*INSTRUCTIONS FOR THE TASK*
Copy out every line from the records that includes "ffun".

Stored data:
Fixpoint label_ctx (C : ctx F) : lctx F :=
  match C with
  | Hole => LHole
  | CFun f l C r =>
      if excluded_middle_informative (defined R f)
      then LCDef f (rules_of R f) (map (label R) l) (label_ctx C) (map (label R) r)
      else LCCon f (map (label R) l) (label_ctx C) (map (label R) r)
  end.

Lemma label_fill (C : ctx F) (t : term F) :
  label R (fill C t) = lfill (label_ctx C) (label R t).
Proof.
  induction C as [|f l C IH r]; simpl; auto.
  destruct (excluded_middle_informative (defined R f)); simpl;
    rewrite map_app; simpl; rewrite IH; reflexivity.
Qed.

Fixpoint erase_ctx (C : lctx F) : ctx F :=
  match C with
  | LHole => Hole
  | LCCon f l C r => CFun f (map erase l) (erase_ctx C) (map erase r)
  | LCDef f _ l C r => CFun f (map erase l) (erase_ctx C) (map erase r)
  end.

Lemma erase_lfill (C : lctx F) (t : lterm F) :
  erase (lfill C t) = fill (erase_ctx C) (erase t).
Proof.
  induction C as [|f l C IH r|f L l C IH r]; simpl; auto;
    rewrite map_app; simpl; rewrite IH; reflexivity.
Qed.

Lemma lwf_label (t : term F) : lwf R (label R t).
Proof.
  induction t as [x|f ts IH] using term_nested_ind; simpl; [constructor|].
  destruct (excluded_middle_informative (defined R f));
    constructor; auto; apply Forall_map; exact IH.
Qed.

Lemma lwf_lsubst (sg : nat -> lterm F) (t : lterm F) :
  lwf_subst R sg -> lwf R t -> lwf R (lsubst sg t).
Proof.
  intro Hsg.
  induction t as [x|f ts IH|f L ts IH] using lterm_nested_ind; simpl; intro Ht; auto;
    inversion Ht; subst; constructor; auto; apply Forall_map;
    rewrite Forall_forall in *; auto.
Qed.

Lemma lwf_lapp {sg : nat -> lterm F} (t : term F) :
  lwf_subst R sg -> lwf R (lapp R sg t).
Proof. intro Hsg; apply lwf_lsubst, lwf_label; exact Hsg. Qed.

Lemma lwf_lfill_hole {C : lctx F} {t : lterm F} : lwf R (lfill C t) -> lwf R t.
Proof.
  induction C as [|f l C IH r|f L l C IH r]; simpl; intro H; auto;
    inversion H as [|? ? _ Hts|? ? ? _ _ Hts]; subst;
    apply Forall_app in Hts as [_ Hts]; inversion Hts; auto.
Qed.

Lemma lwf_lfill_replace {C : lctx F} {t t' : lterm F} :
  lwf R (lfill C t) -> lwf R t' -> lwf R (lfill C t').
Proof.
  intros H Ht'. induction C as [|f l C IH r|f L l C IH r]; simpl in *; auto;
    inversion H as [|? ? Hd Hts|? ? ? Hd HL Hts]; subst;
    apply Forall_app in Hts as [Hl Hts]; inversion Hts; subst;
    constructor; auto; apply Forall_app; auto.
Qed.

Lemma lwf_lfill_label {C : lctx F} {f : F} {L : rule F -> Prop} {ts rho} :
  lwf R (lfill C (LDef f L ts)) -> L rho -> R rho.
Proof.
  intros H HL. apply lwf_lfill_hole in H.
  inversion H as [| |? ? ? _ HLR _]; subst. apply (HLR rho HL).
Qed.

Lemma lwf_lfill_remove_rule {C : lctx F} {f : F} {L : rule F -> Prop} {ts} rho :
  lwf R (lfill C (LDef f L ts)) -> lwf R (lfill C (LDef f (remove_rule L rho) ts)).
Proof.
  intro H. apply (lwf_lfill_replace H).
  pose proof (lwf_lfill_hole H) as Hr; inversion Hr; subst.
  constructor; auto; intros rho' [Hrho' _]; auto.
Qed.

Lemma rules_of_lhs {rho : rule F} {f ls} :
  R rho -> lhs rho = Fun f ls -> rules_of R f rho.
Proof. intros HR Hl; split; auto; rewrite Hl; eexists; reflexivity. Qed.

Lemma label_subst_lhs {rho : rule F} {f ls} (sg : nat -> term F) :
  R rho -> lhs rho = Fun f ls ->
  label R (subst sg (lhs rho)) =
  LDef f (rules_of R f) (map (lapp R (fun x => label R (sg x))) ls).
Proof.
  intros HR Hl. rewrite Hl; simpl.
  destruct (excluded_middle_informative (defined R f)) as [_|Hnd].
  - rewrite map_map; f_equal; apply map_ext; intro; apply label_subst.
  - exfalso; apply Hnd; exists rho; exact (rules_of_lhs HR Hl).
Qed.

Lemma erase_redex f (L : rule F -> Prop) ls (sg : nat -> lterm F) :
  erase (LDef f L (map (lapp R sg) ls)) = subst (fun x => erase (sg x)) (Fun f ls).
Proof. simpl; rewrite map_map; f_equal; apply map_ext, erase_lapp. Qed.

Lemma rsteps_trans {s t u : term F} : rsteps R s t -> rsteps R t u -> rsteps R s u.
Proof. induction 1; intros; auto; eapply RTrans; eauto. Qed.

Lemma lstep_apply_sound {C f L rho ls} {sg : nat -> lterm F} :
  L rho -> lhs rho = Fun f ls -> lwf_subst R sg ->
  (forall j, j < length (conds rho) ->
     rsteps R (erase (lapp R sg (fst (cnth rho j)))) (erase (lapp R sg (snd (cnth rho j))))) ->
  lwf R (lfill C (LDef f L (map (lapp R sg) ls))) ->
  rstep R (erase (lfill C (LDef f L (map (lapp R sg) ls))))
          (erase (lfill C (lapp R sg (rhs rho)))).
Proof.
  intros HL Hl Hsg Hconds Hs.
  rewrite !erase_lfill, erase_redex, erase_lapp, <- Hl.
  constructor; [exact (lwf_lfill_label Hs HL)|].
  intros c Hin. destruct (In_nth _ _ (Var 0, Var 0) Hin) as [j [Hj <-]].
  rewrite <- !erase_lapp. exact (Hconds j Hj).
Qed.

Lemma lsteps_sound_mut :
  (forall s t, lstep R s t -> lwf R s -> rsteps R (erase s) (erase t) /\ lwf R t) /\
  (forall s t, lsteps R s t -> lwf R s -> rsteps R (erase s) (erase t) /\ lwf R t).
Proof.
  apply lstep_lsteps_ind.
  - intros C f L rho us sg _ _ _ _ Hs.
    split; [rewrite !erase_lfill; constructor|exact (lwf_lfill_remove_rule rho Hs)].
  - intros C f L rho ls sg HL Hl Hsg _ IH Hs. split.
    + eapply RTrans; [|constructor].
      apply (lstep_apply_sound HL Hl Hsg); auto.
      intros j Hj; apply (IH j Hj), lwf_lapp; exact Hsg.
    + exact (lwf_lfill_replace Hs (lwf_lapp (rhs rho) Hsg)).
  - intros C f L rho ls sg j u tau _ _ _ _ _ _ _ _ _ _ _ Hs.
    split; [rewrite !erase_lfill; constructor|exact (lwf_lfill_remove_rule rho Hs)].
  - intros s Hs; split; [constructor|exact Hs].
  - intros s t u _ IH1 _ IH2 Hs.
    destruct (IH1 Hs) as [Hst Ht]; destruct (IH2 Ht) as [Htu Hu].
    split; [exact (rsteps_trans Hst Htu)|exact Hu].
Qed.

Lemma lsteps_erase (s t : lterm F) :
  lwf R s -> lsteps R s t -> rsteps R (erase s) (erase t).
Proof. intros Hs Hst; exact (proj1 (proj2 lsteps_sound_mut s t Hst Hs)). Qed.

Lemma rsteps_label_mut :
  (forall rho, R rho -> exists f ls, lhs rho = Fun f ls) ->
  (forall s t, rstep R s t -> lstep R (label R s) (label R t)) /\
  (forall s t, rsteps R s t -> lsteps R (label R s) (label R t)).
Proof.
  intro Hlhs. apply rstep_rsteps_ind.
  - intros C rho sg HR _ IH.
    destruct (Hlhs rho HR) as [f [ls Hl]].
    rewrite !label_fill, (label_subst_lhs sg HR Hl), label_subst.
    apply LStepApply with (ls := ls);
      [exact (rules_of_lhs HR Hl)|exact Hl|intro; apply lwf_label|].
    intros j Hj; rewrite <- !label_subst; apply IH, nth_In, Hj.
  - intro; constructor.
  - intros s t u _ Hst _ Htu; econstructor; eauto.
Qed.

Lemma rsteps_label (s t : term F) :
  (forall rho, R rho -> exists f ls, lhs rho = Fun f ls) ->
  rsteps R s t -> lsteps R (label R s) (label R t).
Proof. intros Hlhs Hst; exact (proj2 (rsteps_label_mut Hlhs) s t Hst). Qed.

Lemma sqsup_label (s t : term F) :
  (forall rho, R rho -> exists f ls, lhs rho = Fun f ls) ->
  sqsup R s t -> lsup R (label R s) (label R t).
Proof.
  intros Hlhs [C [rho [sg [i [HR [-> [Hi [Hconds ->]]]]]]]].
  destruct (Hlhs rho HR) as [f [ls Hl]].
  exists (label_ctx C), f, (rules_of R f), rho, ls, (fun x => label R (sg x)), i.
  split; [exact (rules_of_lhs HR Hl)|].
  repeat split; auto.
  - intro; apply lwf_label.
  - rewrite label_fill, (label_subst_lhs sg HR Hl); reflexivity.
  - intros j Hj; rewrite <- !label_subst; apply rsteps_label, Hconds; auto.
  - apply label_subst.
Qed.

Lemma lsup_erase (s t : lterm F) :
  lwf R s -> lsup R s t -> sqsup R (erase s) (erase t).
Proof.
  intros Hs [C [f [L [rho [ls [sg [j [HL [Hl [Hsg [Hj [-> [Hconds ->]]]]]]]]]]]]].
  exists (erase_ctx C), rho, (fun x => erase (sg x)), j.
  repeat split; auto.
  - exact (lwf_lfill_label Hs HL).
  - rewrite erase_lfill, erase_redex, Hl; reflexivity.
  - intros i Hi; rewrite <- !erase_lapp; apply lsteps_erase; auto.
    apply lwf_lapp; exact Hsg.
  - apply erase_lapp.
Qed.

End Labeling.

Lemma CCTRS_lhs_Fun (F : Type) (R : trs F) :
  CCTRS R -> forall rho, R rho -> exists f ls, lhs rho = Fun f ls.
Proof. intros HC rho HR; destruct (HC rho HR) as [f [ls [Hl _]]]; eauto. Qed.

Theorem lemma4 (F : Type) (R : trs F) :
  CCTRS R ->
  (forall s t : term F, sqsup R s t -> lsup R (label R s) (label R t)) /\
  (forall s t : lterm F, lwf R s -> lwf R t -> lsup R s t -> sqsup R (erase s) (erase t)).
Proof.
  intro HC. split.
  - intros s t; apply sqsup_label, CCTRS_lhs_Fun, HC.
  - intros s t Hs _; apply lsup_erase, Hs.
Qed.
...
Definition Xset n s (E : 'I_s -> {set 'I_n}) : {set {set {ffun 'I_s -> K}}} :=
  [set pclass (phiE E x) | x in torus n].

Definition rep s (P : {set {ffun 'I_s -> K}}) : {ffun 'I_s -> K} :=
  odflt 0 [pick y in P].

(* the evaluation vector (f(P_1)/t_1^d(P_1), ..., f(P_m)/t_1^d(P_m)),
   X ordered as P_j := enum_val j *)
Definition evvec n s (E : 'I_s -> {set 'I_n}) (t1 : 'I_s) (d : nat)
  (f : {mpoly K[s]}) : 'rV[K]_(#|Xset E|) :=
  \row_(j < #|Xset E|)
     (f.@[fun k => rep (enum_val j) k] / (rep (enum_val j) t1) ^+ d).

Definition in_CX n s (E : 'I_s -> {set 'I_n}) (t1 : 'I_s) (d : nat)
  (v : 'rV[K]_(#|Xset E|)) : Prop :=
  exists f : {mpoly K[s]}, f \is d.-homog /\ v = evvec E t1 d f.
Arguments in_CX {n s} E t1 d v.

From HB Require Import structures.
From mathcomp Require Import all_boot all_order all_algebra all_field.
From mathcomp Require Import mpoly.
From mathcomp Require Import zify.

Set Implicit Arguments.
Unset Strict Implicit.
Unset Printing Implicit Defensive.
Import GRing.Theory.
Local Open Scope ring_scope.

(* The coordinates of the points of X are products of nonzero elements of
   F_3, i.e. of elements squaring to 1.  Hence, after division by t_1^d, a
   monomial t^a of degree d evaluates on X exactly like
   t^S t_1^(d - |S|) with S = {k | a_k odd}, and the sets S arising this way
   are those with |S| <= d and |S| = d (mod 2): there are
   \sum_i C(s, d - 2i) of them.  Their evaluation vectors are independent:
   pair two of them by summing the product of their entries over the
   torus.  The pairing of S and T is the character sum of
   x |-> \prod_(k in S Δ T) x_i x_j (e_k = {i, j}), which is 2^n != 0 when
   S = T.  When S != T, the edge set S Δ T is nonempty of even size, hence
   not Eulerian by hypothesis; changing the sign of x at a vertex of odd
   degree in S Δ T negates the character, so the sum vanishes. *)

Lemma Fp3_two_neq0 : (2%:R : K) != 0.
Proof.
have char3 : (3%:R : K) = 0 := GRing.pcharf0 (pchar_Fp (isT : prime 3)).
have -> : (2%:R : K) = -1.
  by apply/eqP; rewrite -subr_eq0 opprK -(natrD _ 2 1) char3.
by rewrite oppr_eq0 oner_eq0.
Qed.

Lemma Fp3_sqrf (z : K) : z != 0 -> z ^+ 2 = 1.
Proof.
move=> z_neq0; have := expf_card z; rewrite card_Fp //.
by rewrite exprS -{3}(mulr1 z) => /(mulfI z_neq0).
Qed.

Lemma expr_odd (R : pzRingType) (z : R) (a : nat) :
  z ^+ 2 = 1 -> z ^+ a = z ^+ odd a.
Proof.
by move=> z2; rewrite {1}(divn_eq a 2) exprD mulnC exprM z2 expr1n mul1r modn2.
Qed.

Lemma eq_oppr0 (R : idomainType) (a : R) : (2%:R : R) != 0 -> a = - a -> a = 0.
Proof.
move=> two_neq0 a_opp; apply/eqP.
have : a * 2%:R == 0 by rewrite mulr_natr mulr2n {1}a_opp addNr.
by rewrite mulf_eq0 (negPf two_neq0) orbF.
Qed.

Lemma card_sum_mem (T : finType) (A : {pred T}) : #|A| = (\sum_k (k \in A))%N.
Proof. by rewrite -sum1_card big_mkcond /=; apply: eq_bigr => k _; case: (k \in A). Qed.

*REPLY*
Definition Xset n s (E : 'I_s -> {set 'I_n}) : {set {set {ffun 'I_s -> K}}} :=
Definition rep s (P : {set {ffun 'I_s -> K}}) : {ffun 'I_s -> K} :=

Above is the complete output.